= Samfoto =

Norwegian photography agency active from 1976-2011

Samfoto Picture Agency was a photographer-run Norwegian photography agency established in 1976. In 2011, it was bought by NTB Scanpix. Samfoto was photographer-run and primarily sold stock photographs to Norwegian media.

Samfoto represented a large number of Norwegian and Scandinavian freelance photographers, and its archive includes more than 300 000 images.

== History ==
Samfoto was founded by six photographers in 1976, inspired by the photo cooperative Magnum Photos, and based on the philosophy of a picture agency run by photographers. Five of the photographers worked freelance, and the sixth was a permanently employed executive officer. Among the six were Per-Anders Rosenkvist, Sven Erik Dahl, Rune Lislerud and Geir Bølstand, who met in Studentenes fotoklubb (The Students' Photo Club) at the University of Oslo and founded Fotogruppe 72 together; this group was established in the wake of the 1972 referendum on Norwegian membership in the European Communities. In Samfoto's early years, the company signed all of their photographs collectively.

Several of the photographers were left-wing political activists, and they documented demonstrations, house occupations and society from a political point of view. According to Rosenkvist, this led to Samfoto's phone line and "all" the photographers being surveilled. Profit was not Samfoto's primary concern, and they aimed to provide "sociocritical and documentative" photography, especially on topics they had deemed to be poorly understood by the public. Samfoto's politics were reflected in which work they chose to carry out; they did not do advertising work, nor did they provide erotic photography for men's magazines. In their early years, they did frequent work for the Marxist–Leninist newspaper Klassekampen. As the company became more professional, their politics started playing a smaller role in who they chose to work with; in 1982, Svein Erik Dahl stated "[e]arlier we thought politically. Now we think professionally". In 1995, they stated that they had become more commercial so their photographers could make a living.

Approximately 100 Norwegian photographers joined Samfoto in the eighties and nineties. At its peak, around 200 freelance photographers were affiliated with Samfoto. In 1988 the association Norwegian Nature Photographers began collaborating with the agency. In 1989 four of the photographers in the women's photography association Hera joined Samfoto to have better support in distributing and selling their photographs.

In 1997, Samfoto closed their darkroom as they transitioned to digital photography. In 1995, they had one person working part-time in the darkroom.

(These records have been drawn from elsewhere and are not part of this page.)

(* Let $L$ be a number field, $\Gamma$ an order of $L$, $K\subseteq L$ a subfield with ring of integers $\mathcal O_K$ and $n=[L:K]$, $R=\mathrm M_n(\mathcal O_K)$, and $\varphi:K\to L$ a ring morphism. Then there is a bijection $\operatorname{Hom}_\varphi(\Gamma,R)/R^\times\cong J_\varphi$.
   Context: $L$ is a $K$-algebra via $\varphi$; a ring morphism $\rho:\Gamma\to R$ is $\varphi$-compatible if $\rho\otimes\mathbb Q:L\to\mathrm M_n(K)$ is a morphism of $K$-algebras; $\operatorname{Hom}_\varphi(\Gamma,R)$ is the set of such $\rho$, on which $R^\times$ acts by conjugation. Fix a positive integer $z$ with $\varphi(z\mathcal O_K)\subseteq\Gamma$ and let $\mathcal O'=\mathbb Z[z\mathcal O_K]\subseteq\mathcal O_K$; then $\varphi$ restricts to a ring morphism $\mathcal O'\to\Gamma$, giving each $\Gamma$-module $X$ an $\mathcal O'$-module structure $X|_{\mathcal O'}$. Let $\mathcal O_K^n|_{\mathcal O'}$ be $\mathcal O_K^n$ with the $\mathcal O'$-action by (diagonal) multiplication through $\mathcal O'\subseteq\mathcal O_K$. $J_\varphi$ is the set of isomorphism classes of $\Gamma$-modules $X$ with $X|_{\mathcal O'}\cong\mathcal O_K^n|_{\mathcal O'}$ as $\mathcal O'$-modules (this set does not depend on the choice of $z$). *)

From HB Require Import structures.
From mathcomp Require Import all_boot all_order all_algebra all_field.
Set Implicit Arguments. Unset Strict Implicit. Unset Printing Implicit Defensive.
Import Order.TTheory GRing.Theory Num.Theory.
Local Open Scope ring_scope.
(* Let $T$ be a tree, $c:V(T)\to\mathbb{R}_{>0}$, and let $T'$ be a subtree of $T$ (with costs given by the restriction of $c$). Then $k(T',c)\le k(T,c)$.
   Context: For a tree $T$ with costs $c:V(T)\to\mathbb{R}_{>0}$ and $t\ge 0$, a heavy module with respect to $t$ is a set $H\subseteq V(T)$ such that $T[H]$ is connected, $c(v)>t$ for all $v\in H$, and $H$ is maximal with these properties. $k(T,c,t)$ is the number of heavy modules with respect to $t$, and $k(T,c)=\max_{t\ge 0}k(T,c,t)$. *)

From HB Require Import structures.
From mathcomp Require Import all_boot all_order all_algebra.
From mathcomp Require Import boolp reals.
Set Implicit Arguments. Unset Strict Implicit. Unset Printing Implicit Defensive.
Import Order.TTheory GRing.Theory Num.Theory.
Local Open Scope ring_scope.

Section Defs.
Variable V : finType.

Definition simple_graph (e : rel V) : Prop := symmetric e /\ irreflexive e.

Definition connected_in (e : rel V) (S : {set V}) : Prop :=
  forall x y, x \in S -> y \in S ->
    exists p : seq V, [&& path e x p, last x p == y & all (fun v => v \in S) p].

Definition acyclic (e : rel V) : Prop :=
  forall (x : V) (p : seq V),
    ~ [&& (2 <= size p)%N, uniq (x :: p), path e x p & e (last x p) x].

Definition is_tree (e : rel V) : Prop :=
  simple_graph e /\ (0 < #|V|)%N /\ connected_in e [set: V] /\ acyclic e.

(* S induces a subtree of the tree (V,e): nonempty and T[S] connected
   (acyclicity is inherited) *)
Definition subtree_set (e : rel V) (S : {set V}) : Prop :=
  S != set0 /\ connected_in e S.

Variable R : realType.

Definition heavy_set (e : rel V) (S : {set V}) (c : V -> R) (t : R) (H : {set V}) : Prop :=
  [/\ H \subset S, H != set0, connected_in e H & forall v, v \in H -> t < c v].

Definition heavy_module (e : rel V) (S : {set V}) (c : V -> R) (t : R) (H : {set V}) : Prop :=
  heavy_set e S c t H /\
  forall H' : {set V}, H \subset H' -> heavy_set e S c t H' -> H' = H.

Definition k_t (e : rel V) (S : {set V}) (c : V -> R) (t : R) : nat :=
  #|[set H : {set V} | `[< heavy_module e S c t H >]]|.

(* k(T[S], c) = max_{t >= 0} k(T[S], c, t); the values are bounded by #|V|,
   so this bounded maximum over attained values is the maximum. *)
Definition k_max (e : rel V) (S : {set V}) (c : V -> R) : nat :=
  \max_(n < #|V|.+1 | `[< exists2 t : R, 0 <= t & k_t e S c t = n >]) (n : nat).

End Defs.

From HB Require Import structures.
From mathcomp Require Import all_boot all_order all_algebra.
From mathcomp Require Import boolp reals.
Import Order.TTheory GRing.Theory Num.Theory.
Set Implicit Arguments. Unset Strict Implicit. Unset Printing Implicit Defensive.
Local Open Scope ring_scope.

(* The heavy modules of T[S] w.r.t. t are the connected components of the
   subgraph induced by the vertices of S of cost > t.  Send the component of x
   in T[S] to the component of x in T.  This map is injective because T is a
   tree: the unique simple path between two heavy vertices of S lies both in
   S (which is connected) and in any heavy walk joining them.  Hence
   k(T[S], c, t) <= k(T, c, t) for every t. *)

Lemma leq_card_imset_factor (T T1 T2 : finType) (A : {pred T})
    (F : T -> T1) (G : T -> T2) :
  {in A &, forall x y, G x = G y -> F x = F y} -> (#|F @: A| <= #|G @: A|)%N.
Proof.
move=> GF; pose h Y := omap F [pick x in A | G x == Y].
have hG : {in A, Some \o F =1 h \o G}.
  move=> x xA; rewrite /h /=; case: pickP => [y /andP[yA /eqP Gyx]|/(_ x)].
    by rewrite /= (GF y x) // Gyx.
  by rewrite xA eqxx.
rewrite -(card_imset _ (@Some_inj _)) -imset_comp (eq_in_imset hG) imset_comp.
exact: leq_imset_card.
Qed.

Section InducedSubgraph.
Variables (V : finType) (e : rel V).
Implicit Types (P Q : pred V) (x y : V).

Definition induced (P : pred V) : rel V := [rel x y | [&& P x, P y & e x y]].

Definition component (P : pred V) (x : V) : {set V} :=
  [set y | connect (induced P) x y].

Lemma path_induced P x p : P x -> path (induced P) x p = path e x p && all P p.
Proof.
elim: p x => //= y p IH x Px; rewrite /induced /= Px.
by case Py: (P y); rewrite /= ?andbF // IH // andbA.
Qed.

Lemma connect_induced_closed P x y : P x -> connect (induced P) x y -> P y.
Proof.
move=> Px /connectP[p]; rewrite path_induced // => /andP[_ Pp] ->.
have : all P (x :: p) by rewrite /= Px.
by move/allP; apply; exact: mem_last.
Qed.

Lemma connected_in_connect P (H : {set V}) x y :
  connected_in e H -> {subset H <= P} -> x \in H -> y \in H ->
  connect (induced P) x y.
Proof.
move=> cH HP xH yH; have [p /and3P[pe /eqP <- Hp]] := cH x y xH yH.
apply/connectP; exists p => //; rewrite path_induced ?pe /=; last exact: HP.
by apply/allP => v /(allP Hp) /HP.
Qed.

Hypothesis esym : symmetric e.

Lemma induced_sym P : symmetric (induced P).
Proof. by move=> x y; rewrite /induced /= esym andbCA. Qed.

Lemma component_eq P x y :
  connect (induced P) x y -> component P x = component P y.
Proof.
move=> xy; apply/setP => z; rewrite !inE.
by rewrite (same_connect (sym_connect_sym (induced_sym P)) xy).
Qed.

Lemma component_connected P x : connected_in e (component P x).
Proof.
move=> y z; rewrite !inE => xy xz.
have /connectP[p pP ->] : connect (induced P) y z.
  by apply: connect_trans xz; rewrite (sym_connect_sym (induced_sym P)).
exists p; rewrite eqxx (sub_path _ pP) => [/=|u v /and3P[]//].
apply/allP => v vp; rewrite inE; apply: connect_trans xy _.
by apply: (path_connect pP); rewrite inE vp orbT.
Qed.

Lemma path_rcons_rev x q z : path e x (rcons q z) -> path e z (rcons (rev q) x).
Proof.
move=> h; have := rev_path e x (rcons q z).
rewrite last_rcons belast_rcons rev_cons => ->.
by rewrite (@eq_path _ _ e) // => a b; rewrite esym.
Qed.

Hypothesis ac : acyclic e.

Lemma acyclic_disjoint_paths x z p q :
  uniq (x :: rcons p z) -> uniq (x :: rcons q z) -> ~~ has (mem q) p ->
  path e x (rcons p z) -> path e x (rcons q z) -> p ++ q = [::].
Proof.
move=> up uq dpq pp qp; case pq0: (p ++ q) => [//|w r]; exfalso.
apply: (ac (x := x) (p := rcons p z ++ rev q)).
have /andP[qrev ecl] : path e z (rev q) && e (last z (rev q)) x.
  by rewrite -rcons_path path_rcons_rev.
have /andP[xzq] : (x \notin rcons q z) && uniq (rcons q z) := uq.
rewrite rcons_uniq => /andP[zq uq'].
have /norP[xz xq] : ~~ ((x == z) || (x \in q)) by rewrite -in_cons -mem_rcons.
apply/and4P; split.
- by rewrite size_cat size_rcons size_rev addSn -size_cat pq0.
- rewrite -cat_cons cat_uniq up rev_uniq uq' andbT /=; apply/hasPn => v.
  rewrite mem_rev => vq; have /negbTE vp := contraL (hasPn dpq v) vq.
  rewrite !inE mem_rcons !inE vp orbF.
  by apply/norP; split; apply: contraTneq vq => ->.
- by rewrite cat_path pp last_rcons qrev.
- by rewrite last_cat last_rcons.
Qed.

Lemma acyclic_uniq_path_eq x p q : uniq (x :: p) -> uniq (x :: q) ->
  path e x p -> path e x q -> last x p = last x q -> p = q.
Proof.
elim: p x q => [|a p IH] x [|b q] //.
- by move=> _ /andP[xnq _] _ _ /= lq; rewrite lq mem_last in xnq.
- by move=> /andP[xnp _] _ _ _ /= lp; rewrite -lp mem_last in xnp.
have [<-|ab] := eqVneq a b.
  by move=> /andP[_ up] /andP[_ uq] /andP[_ pp] /andP[_ pq] /= lq; rewrite (IH a q).
move=> up uq pp pq lq; exfalso.
have hP : has (mem (b :: q)) (a :: p).
  apply/hasP; exists (last a p); first exact: mem_last.
  by rewrite [last a p]lq /= mem_last.
have hab : head x (a :: p) != head x (b :: q) by [].
(* z is the first vertex of a :: p on b :: q, so the prefixes up to z are disjoint *)
case: (split_find hP) up pp hab => z p1 p2 zQ hp1 up pp.
case/splitPr: zQ uq pq hp1 => q1 q2 uq pq hp1 hab.
have up1 : uniq (x :: rcons p1 z) by move: up; rewrite -cat_cons cat_uniq => /andP[].
have uq1 : uniq (x :: rcons q1 z).
  by move: uq; rewrite -cat_rcons -cat_cons cat_uniq => /andP[].
have dpq : ~~ has (mem q1) p1.
  by apply: contra hp1; apply: sub_has => v; rewrite /= mem_cat => ->.
move: pp pq; rewrite cat_path -cat_rcons cat_path => /andP[pp1 _] /andP[pq1 _].
have := acyclic_disjoint_paths up1 uq1 dpq pp1 pq1.
by case: (p1) hab => [|? ?]; case: (q1); rewrite //= eqxx.
Qed.

Lemma connect_induced_predI P Q x y : P x -> Q x ->
  connect (induced P) x y -> connect (induced Q) x y ->
  connect (induced (predI P Q)) x y.
Proof.
move=> Px Qx /connectP[p]; rewrite path_induced // => /andP[pe Pp] ->.
case/connectP=> q; rewrite path_induced // => /andP[qe Qq].
case: (shortenP qe) => s se us sq; case: (shortenP pe) => r re ur rp lrs.
have rs : r = s := acyclic_uniq_path_eq ur us re se lrs.
apply/connectP; exists r => //; rewrite path_induced /= ?Px // re /=.
apply/allP => v vr; rewrite /= (allP Pp v (rp v vr)).
by rewrite (allP Qq v (sq v _)) // -rs.
Qed.

End InducedSubgraph.

Section HeavyModules.
Variables (R : realType) (V : finType) (e : rel V) (c : V -> R).

Definition heavy (S : {set V}) (t : R) : pred V := fun v => (v \in S) && (t < c v).

Lemma in_heavy S t v : (v \in heavy S t) = (v \in S) && (t < c v).
Proof. by []. Qed.

Lemma heavy_set_sub_component S t H x :
  heavy_set e S c t H -> x \in H -> H \subset component e (heavy S t) x.
Proof.
case=> sHS _ cH gt xH; apply/subsetP => y yH; rewrite inE.
apply: connected_in_connect cH _ xH yH => v vH.
by rewrite in_heavy (subsetP sHS) // gt.
Qed.

Hypothesis esym : symmetric e.

Lemma heavy_module_component S t x :
  x \in heavy S t -> heavy_module e S c t (component e (heavy S t) x).
Proof.
move=> hx; have xC : x \in component e (heavy S t) x by rewrite inE connect0.
have closed y : y \in component e (heavy S t) x -> y \in heavy S t.
  by rewrite inE => /(connect_induced_closed hx).
have hC : heavy_set e S c t (component e (heavy S t) x).
  split; first by apply/subsetP => y /closed/andP[].
  - by apply/set0Pn; exists x.
  - exact: component_connected.
  - by move=> v /closed/andP[].
split=> // H' sub hH'; apply/eqP; rewrite eqEsubset sub andbT.
exact: heavy_set_sub_component hH' (subsetP sub x xC).
Qed.

Lemma heavy_module_componentE S t H x :
  heavy_module e S c t H -> x \in H -> H = component e (heavy S t) x.
Proof.
move=> [hH maxH] xH; symmetry; apply: maxH (heavy_set_sub_component hH xH) _.
have [sHS _ _ gt] := hH.
by case: (@heavy_module_component S t x); rewrite // in_heavy (subsetP sHS) ?gt.
Qed.

Lemma k_tE S t : k_t e S c t = #|component e (heavy S t) @: heavy S t|.
Proof.
apply: eq_card => H; rewrite inE; apply/asboolP/imsetP.
  move=> hH; have [[sHS /set0Pn[x xH] _ gt] _] := hH.
  exists x; last exact: heavy_module_componentE.
  by rewrite in_heavy (subsetP sHS) ?gt.
by case=> x hx ->; exact: heavy_module_component.
Qed.

Lemma k_t_le_card S t : (k_t e S c t <= #|V|)%N.
Proof. by rewrite k_tE (leq_trans (leq_imset_card _ _) (max_card _)). Qed.

Lemma k_t_subtree S t : acyclic e -> connected_in e S ->
  (k_t e S c t <= k_t e [set: V] c t)%N.
Proof.
move=> ac cS; rewrite !k_tE.
apply: leq_trans (leq_card_imset_factor _) _; last first.
  by apply/subset_leq_card/imsetS/subsetP => v; rewrite !in_heavy in_setT => /andP[].
move=> x y /[!in_heavy] /andP[xS xt] /andP[yS _] eqT; apply: component_eq => //.
have xyT : connect (induced e (heavy [set: V] t)) x y.
  by move/setP/(_ y): eqT; rewrite !inE connect0.
have xyS : connect (induced e [in S]) x y by apply: connected_in_connect cS _ xS yS.
have hxT : heavy [set: V] t x by rewrite /heavy in_setT.
have := connect_induced_predI esym ac xS hxT xyS xyT.
rewrite (@eq_connect _ _ (induced e (heavy S t))) // => u v.
by rewrite /induced /= /heavy !in_setT.
Qed.

End HeavyModules.

Theorem mainTheorem2 (R : realType) (V : finType) (e : rel V) (c : V -> R)
    (S : {set V}) :
  is_tree e -> (forall v, 0 < c v) -> subtree_set e S ->
  (k_max e S c <= k_max e [set: V] c)%N.
Proof.
move=> [[esym _] [_ [_ ac]]] _ [_ cS].
apply/bigmax_leqP => n /asboolP[t t0 <-].
have ktV : (k_t e [set: V] c t < #|V|.+1)%N by rewrite ltnS (k_t_le_card c esym).
apply: leq_trans (k_t_subtree c esym t ac cS) _.
apply: (@leq_bigmax_cond _ _ (fun n : 'I_#|V|.+1 => (n : nat)) (Ordinal ktV)).
by apply/asboolP; exists t.
Qed.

In the years 2000 – 2001 distribution of pictures from the archive was changed from physical to digital and the Samfoto archive was launched on the Internet. The transition from analogue to digital images was challenging, and for a period they had to produce digital files, slides and print copies of photos. By their 30th anniversary, in 2006, a hundred photographers were affiliated with the service.

== Legacy ==
In 2011 Samfoto was purchased by Scanpix, a company that is owned by the Norwegian News Agency (NTB). At the time, NTB said that Samfoto would continue to use its own name and had a separate archive, but as of 2025 it no longer exists as a separate entity.

The Norwegian media still frequently publishes stock photos that are copyrighted to Samfoto. As of 2025, Samfoto's archives are searchable at NTB Bilder by using the search term "Samfoto".